- Court: Court of Appeal
- Decided: 5 February 2015
- Citation: [2015] EWCA Civ 34

Court membership
- Judges sitting: Lord Dyson; Lord Justice McFarlane; Lord Justice Beatson

Keywords
- DNA profiles; Paternity

= X and Anor v Z (Children) and Anor =

2015 British legal case

 is a Court of Appeal case about DNA profiles. It decided that DNA profiles taken for the purposes of a criminal investigation may not be used for any other purpose.

== Facts ==
Z were young children. In 2013 their mother was murdered. The police took swabs of the crime scene and blood samples from victim and perpetrator (the perpetrator having cut his wrists at the scene). They arrested X on suspicion of the murder, and took a mouth swab to get his DNA profile. This proved to a high degree of confidence that blood found at the murder scene was X's blood, and X was subsequently convicted of Z's mother's murder. He was sentenced to life imprisonment.

X began care proceedings, claiming he was the father of Z. X refused to undergo DNA testing that would prove or disprove this claim.

Z's guardian applied to the court for disclosure of DNA profiles from the crime scene.
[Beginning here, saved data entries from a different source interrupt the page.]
Lemma insert_row_single_r v c0 (x : A) :
  v < n -> c0 < n -> (forall c, c < n -> c <> c0 -> x ** u v c = cs_zero A) ->
  x = x ** u v c0.
Proof.
  intros Hv Hc0 H.
  rewrite <- (cs_mul1r A x) at 1. rewrite (insert_row_single v c0 x); auto.
  - apply cs_mul1r.
  - intros c Hc Hne. rewrite cs_mul1r. auto.
Qed.

Lemma aut_relations_transpose : aut_relations n adj A (fun a b => u b a).
Proof.
  destruct Hu as [R1 [R2 R3]]. split; [|split].
  - intros i j Hi Hj. apply R1; auto.
  - intros i Hi. destruct (R2 i Hi). split; auto.
  - intros i j k l Hi Hj Hk Hl X. apply R3; auto. now rewrite Bool.xorb_comm.
Qed.

End MagicUnitary.

Section Girth5.
Context {n : nat} {adj : nat -> nat -> bool}.
Context (Hs : simple_graph n adj) (Hg : girth_ge n adj 5).
Context {A : CstarAlg} {u : nat -> nat -> A} (Hu : aut_relations n adj A u).

Lemma through_common_nbr i j k l v c0 :
  i < n -> j < n -> k < n -> l < n -> v < n -> c0 < n -> j <> l ->
  adj i v = true -> adj v k = true -> adj j c0 = true -> adj c0 l = true ->
  u i j ** u k l = u i j ** u v c0 ** u k l.
Proof.
  intros Hi Hj Hk Hl Hv Hc0 Hjl Hiv Hvk Hjc0 Hc0l.
  apply (insert_row_single Hu); auto. intros c Hc Hne.
  destruct (adj j c) eqn:Hjc; [destruct (adj c l) eqn:Hcl|].
  - exfalso. apply Hne, (common_nbr_unique Hs Hg j l); auto.
  - apply cs_mul3_eq0r, (u_xor_eq0 Hu); auto. congruence.
  - apply cs_mul3_eq0l, (u_xor_eq0 Hu); auto. congruence.
Qed.

End Girth5.

Section Cubic.
Context {n : nat} {adj : nat -> nat -> bool}.
Context (Hs : simple_graph n adj) (Hc : cubic n adj) (Hg : girth_ge n adj 5).
Context {A : CstarAlg}.

Lemma cs_lsum_nbrs i (x : A) f :
  i < n -> (forall a, a < n -> adj i a = false -> f a = cs_zero A) ->
  (forall a, a < n -> adj i a = true -> f a = x) ->
  cs_lsum (seq 0 n) f = cs_add A x (cs_add A x x).
Proof.
  intros Hi Hoff Hon.
  rewrite (cs_lsum_filter _ (adj i)).
  2: { intros a Ha. apply in_seq in Ha. apply Hoff. lia. }
  fold (nbrs n adj i).
  destruct (cubic_nbrs Hc i Hi) as [a1 [a2 [a3 Hnb]]].
  assert (Hin : forall a, In a (nbrs n adj i) -> f a = x)
    by (intros a Ha; apply in_nbrs in Ha as [? ?]; auto).
  rewrite Hnb in Hin |- *. simpl.
  rewrite !Hin by (simpl; auto). now rewrite cs_addr0.
Qed.

Lemma row_orth {u : nat -> nat -> A} (Hu : aut_relations n adj A u) i j b :
  i < n -> j < n -> b < n -> j <> b -> u i j ** u i b = cs_zero A.
Proof.
  intros Hi Hj Hb Hjb.
  destruct (adj j b) eqn:Hadj.
  { apply (u_xor_eq0 Hu); auto. rewrite (adj_irrefl Hs). congruence. }
  destruct (common_nbr_dec (n := n) (adj := adj) j b) as [[c0 [Hc0 [Hjc0 Hc0b]]] | Hnone].
  - apply cs_triple_eq_self. symmetry.
    rewrite (insert_col Hu c0 (u i j) (u i b) Hc0) at 1.
    apply (cs_lsum_nbrs i); auto; intros a Ha Hia.
    + apply cs_mul3_eq0r, (u_xor_eq0 Hu); auto.
      rewrite (adj_sym Hs), Hia. congruence.
    + symmetry. apply (through_common_nbr Hs Hg Hu); auto.
      now rewrite (adj_sym Hs).
  - destruct (cubic_nbrs Hc i Hi) as [a [? [? Hnb]]].
    assert (Ha : In a (nbrs n adj i)) by (rewrite Hnb; simpl; auto).
    apply in_nbrs in Ha as [Ha Hia].
    rewrite (insert_row Hu a) by exact Ha.
    apply cs_lsum_eq0. intros c Hc'. apply in_seq in Hc'.
    destruct (adj j c) eqn:Hjc.
    + apply cs_mul3_eq0r, (u_xor_eq0 Hu); try lia.
      rewrite (adj_sym Hs), Hia, Hnone by (auto; lia). congruence.
    + apply cs_mul3_eq0l, (u_xor_eq0 Hu); try lia. congruence.
Qed.

Lemma col_orth {u : nat -> nat -> A} (Hu : aut_relations n adj A u) i a j :
  i < n -> a < n -> j < n -> i <> a -> u i j ** u a j = cs_zero A.
Proof.
  intros Hi Ha Hj Hia.
  exact (row_orth (aut_relations_transpose Hu) j i a Hj Hi Ha Hia).
Qed.

Context {u : nat -> nat -> A} (Hu : aut_relations n adj A u).

Lemma u_comm_adj i j p q :
  i < n -> j < n -> p < n -> q < n -> adj i p = true -> adj j q = true ->
  u i j ** u p q = u p q ** u i j.
Proof.
  intros Hi Hj Hp Hq Hip Hjq.
  apply (cs_commute_of_sandwich _ _ (cs_one A));
    [apply (u_star Hu); auto | apply (u_star Hu); auto | apply cs_star_one
    | now rewrite cs_mul1l, cs_mul1r |].
  rewrite cs_mul1r. apply (insert_row_single_r Hu); auto.
  intros c Hc' Hcj. destruct (adj q c) eqn:Hqc.
  - rewrite <- (through_common_nbr Hs Hg Hu i j i c p q); auto.
    + apply (row_orth Hu); auto.
    + now rewrite (adj_sym Hs).
  - apply cs_mul3_eq0r, (u_xor_eq0 Hu); auto.
    rewrite (adj_sym Hs), Hip. congruence.
Qed.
DNA profiles are not the actual DNA evidence, and apart from the mother's DNA profile, the application was for all other DNA profiles to be anonymized; but by a process of logical deduction, they would identify whether X was the father. The relevant local authority supported this claim. The information commissioner supported by the secretary of state resisted it.

At issue before the Court of Appeal were:
- Whether part II of the Police and Criminal Evidence Act 1984 prohibits the use of DNA profiles obtained for criminal law enforcement purposes for any other purpose;
- Whether Section 6 of the Human Rights Act 1998 prevents disclosure of DNA profiles; and
- Whether the courts below reached a perverse conclusion.

== Law ==
Previously, the Police and Criminal Evidence Act required the destruction of crime scene evidence once its criminal law investigation purposes were served. This was modified by Part 1 of the Protection of Freedoms Act 2012 to allow retention.

== Courts below ==
In , President of the High Court Sir James Munby found that in all the circumstances, and in the children's best interests, the DNA profiles should be diclosed subject to stringent limitations and safeguards.

== Judgment ==
The Court of Appeal allowed the appeal, thereby preventing disclosure of the disputed DNA profiles.

== Significance ==
It is not lawful for DNA collected by the police to be used for a paternity test.